[Exercise]
Between the line containing "split => [|hc]; first exact: embeds_lt" and the line containing "by rewrite within_cat wdl' wc'." lies a run of lines; give that run again exactly, with both of those lines, and nothing else from the entries below.

[[ Data provided open ]]

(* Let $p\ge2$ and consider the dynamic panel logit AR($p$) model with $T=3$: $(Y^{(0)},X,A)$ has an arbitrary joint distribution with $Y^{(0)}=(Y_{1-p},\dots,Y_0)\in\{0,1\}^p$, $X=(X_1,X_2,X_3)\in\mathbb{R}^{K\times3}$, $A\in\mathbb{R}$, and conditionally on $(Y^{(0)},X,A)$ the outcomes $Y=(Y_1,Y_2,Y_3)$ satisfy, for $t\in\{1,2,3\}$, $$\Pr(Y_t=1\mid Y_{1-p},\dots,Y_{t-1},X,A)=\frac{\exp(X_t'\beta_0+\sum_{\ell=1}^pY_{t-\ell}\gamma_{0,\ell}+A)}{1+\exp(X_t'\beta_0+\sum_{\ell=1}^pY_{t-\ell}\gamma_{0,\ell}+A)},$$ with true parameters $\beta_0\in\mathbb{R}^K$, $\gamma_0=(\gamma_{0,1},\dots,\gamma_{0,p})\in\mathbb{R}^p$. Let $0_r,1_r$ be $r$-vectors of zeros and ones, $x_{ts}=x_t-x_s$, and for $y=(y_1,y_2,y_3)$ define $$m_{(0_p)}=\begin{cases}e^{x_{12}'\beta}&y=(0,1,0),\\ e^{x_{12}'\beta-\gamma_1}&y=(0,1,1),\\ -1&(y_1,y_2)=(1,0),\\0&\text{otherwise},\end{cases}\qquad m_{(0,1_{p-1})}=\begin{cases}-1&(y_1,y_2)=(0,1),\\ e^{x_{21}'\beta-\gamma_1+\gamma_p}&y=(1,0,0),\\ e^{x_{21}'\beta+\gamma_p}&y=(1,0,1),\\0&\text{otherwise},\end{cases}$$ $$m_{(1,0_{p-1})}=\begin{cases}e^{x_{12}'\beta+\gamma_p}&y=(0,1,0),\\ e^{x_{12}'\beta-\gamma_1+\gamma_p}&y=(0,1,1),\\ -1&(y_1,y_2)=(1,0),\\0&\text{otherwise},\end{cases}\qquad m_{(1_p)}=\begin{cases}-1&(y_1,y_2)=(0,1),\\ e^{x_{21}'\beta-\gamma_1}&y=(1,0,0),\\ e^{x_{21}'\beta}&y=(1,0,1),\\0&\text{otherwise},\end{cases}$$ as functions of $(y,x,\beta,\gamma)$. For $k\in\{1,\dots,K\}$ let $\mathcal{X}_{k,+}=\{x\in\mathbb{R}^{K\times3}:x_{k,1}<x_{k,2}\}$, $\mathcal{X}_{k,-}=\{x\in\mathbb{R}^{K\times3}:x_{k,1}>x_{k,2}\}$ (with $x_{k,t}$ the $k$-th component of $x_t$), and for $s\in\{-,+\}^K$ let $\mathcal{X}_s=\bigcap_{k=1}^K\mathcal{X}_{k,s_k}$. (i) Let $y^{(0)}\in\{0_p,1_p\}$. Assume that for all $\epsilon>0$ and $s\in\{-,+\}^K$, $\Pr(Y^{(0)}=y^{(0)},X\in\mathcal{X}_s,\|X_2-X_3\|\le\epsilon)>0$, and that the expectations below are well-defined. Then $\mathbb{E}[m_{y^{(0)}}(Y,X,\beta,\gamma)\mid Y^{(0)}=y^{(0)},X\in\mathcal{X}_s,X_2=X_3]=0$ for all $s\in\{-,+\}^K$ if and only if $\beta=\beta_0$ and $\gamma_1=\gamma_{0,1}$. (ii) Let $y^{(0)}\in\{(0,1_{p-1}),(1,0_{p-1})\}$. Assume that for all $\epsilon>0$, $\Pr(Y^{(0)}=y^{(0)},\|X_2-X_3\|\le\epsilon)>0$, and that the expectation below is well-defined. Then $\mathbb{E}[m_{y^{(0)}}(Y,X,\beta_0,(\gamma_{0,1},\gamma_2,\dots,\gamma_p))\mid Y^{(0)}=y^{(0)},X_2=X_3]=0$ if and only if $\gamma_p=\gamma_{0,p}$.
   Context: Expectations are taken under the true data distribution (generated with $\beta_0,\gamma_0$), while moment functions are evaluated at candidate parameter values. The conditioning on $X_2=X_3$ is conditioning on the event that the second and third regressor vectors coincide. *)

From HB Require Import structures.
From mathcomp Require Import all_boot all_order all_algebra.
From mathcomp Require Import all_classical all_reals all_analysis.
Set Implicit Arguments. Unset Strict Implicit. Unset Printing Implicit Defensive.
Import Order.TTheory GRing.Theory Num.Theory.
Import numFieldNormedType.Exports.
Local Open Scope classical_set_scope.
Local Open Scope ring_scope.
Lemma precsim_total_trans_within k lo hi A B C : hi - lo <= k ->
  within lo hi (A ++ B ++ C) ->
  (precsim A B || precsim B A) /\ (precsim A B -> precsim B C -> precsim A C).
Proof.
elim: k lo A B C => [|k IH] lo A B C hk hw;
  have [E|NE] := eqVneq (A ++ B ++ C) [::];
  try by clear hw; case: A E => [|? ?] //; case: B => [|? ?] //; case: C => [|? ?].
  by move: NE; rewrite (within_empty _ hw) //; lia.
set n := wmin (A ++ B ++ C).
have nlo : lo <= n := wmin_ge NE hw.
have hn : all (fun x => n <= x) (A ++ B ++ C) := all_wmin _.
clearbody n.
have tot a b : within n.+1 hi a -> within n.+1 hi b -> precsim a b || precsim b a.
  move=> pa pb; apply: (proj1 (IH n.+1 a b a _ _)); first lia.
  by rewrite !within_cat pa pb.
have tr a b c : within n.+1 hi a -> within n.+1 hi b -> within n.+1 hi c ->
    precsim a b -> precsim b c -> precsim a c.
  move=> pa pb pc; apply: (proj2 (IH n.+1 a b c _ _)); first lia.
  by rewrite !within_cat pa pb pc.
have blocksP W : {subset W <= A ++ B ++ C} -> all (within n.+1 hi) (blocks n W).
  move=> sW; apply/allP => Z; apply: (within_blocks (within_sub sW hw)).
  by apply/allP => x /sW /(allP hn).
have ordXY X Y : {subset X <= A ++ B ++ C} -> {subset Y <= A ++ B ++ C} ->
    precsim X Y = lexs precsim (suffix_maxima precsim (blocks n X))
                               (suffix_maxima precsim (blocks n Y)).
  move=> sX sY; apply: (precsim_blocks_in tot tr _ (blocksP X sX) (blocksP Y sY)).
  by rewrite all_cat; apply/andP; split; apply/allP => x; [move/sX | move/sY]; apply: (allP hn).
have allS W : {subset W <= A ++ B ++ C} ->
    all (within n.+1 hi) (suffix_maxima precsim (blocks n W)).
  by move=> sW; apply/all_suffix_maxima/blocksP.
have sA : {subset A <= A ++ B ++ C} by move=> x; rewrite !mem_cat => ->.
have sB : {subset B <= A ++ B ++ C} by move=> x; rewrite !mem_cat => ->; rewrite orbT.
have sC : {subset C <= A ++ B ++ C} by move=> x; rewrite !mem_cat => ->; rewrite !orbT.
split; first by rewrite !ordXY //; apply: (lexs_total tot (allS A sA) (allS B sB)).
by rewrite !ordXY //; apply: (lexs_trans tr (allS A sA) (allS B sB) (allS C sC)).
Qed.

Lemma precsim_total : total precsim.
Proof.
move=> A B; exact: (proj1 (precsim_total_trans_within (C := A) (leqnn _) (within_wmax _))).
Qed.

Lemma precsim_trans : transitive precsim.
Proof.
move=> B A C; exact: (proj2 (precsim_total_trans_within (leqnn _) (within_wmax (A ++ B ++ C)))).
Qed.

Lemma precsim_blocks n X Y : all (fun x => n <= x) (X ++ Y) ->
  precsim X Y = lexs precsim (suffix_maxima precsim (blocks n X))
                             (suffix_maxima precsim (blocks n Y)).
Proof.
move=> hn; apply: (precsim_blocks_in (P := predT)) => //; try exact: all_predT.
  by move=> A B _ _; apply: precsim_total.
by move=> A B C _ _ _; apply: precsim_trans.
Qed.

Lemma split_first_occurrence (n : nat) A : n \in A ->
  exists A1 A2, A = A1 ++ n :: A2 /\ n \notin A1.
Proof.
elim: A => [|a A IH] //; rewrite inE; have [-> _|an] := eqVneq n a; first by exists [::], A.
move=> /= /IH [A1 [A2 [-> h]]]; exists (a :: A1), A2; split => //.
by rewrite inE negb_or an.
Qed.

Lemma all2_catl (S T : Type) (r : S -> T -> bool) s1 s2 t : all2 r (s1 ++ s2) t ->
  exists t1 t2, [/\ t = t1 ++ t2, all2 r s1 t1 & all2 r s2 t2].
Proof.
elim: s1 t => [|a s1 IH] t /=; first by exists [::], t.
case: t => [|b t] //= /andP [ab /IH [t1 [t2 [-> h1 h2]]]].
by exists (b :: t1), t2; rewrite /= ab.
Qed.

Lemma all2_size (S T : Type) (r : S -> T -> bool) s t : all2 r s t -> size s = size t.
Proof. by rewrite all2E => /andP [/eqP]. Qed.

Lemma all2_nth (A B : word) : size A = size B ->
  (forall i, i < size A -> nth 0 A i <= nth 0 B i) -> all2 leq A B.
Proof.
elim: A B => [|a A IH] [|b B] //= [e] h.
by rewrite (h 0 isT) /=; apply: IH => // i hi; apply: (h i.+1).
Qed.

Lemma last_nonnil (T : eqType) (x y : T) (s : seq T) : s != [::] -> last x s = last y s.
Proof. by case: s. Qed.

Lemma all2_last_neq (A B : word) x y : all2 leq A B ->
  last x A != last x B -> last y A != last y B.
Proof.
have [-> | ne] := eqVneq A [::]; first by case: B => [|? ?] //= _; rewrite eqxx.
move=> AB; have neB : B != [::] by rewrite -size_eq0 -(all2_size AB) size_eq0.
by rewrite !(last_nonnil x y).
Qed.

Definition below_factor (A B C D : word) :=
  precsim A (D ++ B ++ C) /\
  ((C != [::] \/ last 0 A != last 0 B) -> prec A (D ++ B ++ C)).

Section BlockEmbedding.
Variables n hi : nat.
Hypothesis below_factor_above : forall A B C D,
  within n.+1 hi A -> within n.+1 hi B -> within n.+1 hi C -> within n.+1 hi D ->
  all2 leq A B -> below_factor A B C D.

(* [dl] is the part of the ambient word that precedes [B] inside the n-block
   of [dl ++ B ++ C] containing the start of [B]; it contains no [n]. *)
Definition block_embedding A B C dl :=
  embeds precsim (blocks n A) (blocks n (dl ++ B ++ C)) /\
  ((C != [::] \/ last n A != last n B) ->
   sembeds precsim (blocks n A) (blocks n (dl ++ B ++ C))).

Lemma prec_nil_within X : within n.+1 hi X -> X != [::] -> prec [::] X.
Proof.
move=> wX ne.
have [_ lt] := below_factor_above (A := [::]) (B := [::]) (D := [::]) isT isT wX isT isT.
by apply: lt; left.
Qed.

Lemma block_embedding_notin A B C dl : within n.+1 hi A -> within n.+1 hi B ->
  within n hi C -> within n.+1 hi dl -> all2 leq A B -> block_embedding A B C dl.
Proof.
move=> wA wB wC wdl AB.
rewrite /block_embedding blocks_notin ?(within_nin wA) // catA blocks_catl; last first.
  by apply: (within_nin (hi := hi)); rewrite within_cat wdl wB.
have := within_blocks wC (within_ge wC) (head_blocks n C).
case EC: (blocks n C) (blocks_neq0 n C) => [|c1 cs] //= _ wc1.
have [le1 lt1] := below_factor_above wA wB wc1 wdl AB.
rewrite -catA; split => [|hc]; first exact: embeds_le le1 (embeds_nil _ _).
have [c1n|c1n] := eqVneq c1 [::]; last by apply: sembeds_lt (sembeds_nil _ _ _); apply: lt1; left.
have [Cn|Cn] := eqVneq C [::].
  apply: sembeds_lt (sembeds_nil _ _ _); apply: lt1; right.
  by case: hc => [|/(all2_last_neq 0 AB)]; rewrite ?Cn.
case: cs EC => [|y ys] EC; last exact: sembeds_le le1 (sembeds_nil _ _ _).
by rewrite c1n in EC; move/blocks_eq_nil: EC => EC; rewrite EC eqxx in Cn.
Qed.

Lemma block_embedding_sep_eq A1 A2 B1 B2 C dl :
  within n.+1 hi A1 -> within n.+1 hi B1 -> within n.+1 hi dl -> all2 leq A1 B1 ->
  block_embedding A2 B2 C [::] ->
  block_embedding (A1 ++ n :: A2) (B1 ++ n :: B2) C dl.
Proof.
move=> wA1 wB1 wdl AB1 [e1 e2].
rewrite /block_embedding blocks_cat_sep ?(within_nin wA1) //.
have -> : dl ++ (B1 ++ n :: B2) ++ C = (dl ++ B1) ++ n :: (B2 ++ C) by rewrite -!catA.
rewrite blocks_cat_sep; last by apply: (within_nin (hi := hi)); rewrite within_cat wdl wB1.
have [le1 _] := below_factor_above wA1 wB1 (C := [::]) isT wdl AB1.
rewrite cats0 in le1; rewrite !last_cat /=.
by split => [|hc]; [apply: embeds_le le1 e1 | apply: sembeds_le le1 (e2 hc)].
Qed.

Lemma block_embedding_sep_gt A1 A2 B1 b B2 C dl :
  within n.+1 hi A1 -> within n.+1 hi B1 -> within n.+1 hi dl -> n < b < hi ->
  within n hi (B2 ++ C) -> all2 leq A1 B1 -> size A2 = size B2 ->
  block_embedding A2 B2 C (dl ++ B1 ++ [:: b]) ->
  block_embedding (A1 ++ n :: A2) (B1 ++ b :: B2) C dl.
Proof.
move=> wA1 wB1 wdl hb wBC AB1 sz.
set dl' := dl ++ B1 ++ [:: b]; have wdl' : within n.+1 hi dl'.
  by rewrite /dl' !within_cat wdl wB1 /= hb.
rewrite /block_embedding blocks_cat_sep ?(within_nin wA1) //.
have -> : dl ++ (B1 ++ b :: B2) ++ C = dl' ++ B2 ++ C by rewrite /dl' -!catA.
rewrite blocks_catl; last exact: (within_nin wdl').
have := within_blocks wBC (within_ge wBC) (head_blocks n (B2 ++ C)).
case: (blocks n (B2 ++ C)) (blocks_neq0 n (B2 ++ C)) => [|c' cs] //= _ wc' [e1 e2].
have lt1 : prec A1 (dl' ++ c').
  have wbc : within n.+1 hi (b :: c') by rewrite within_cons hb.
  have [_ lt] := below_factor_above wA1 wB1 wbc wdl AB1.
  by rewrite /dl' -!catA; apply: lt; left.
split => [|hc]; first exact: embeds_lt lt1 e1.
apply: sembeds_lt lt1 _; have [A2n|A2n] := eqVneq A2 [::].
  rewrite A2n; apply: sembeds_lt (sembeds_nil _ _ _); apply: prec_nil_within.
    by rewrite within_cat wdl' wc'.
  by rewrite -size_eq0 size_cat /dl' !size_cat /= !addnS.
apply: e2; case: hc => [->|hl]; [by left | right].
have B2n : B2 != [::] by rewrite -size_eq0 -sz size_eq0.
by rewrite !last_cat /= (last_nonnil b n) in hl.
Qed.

[[ Data provided closed ]]

[Answer box]
split => [|hc]; first exact: embeds_lt lt1 e1.
apply: sembeds_lt lt1 _; have [A2n|A2n] := eqVneq A2 [::].
  rewrite A2n; apply: sembeds_lt (sembeds_nil _ _ _); apply: prec_nil_within.
    by rewrite within_cat wdl' wc'.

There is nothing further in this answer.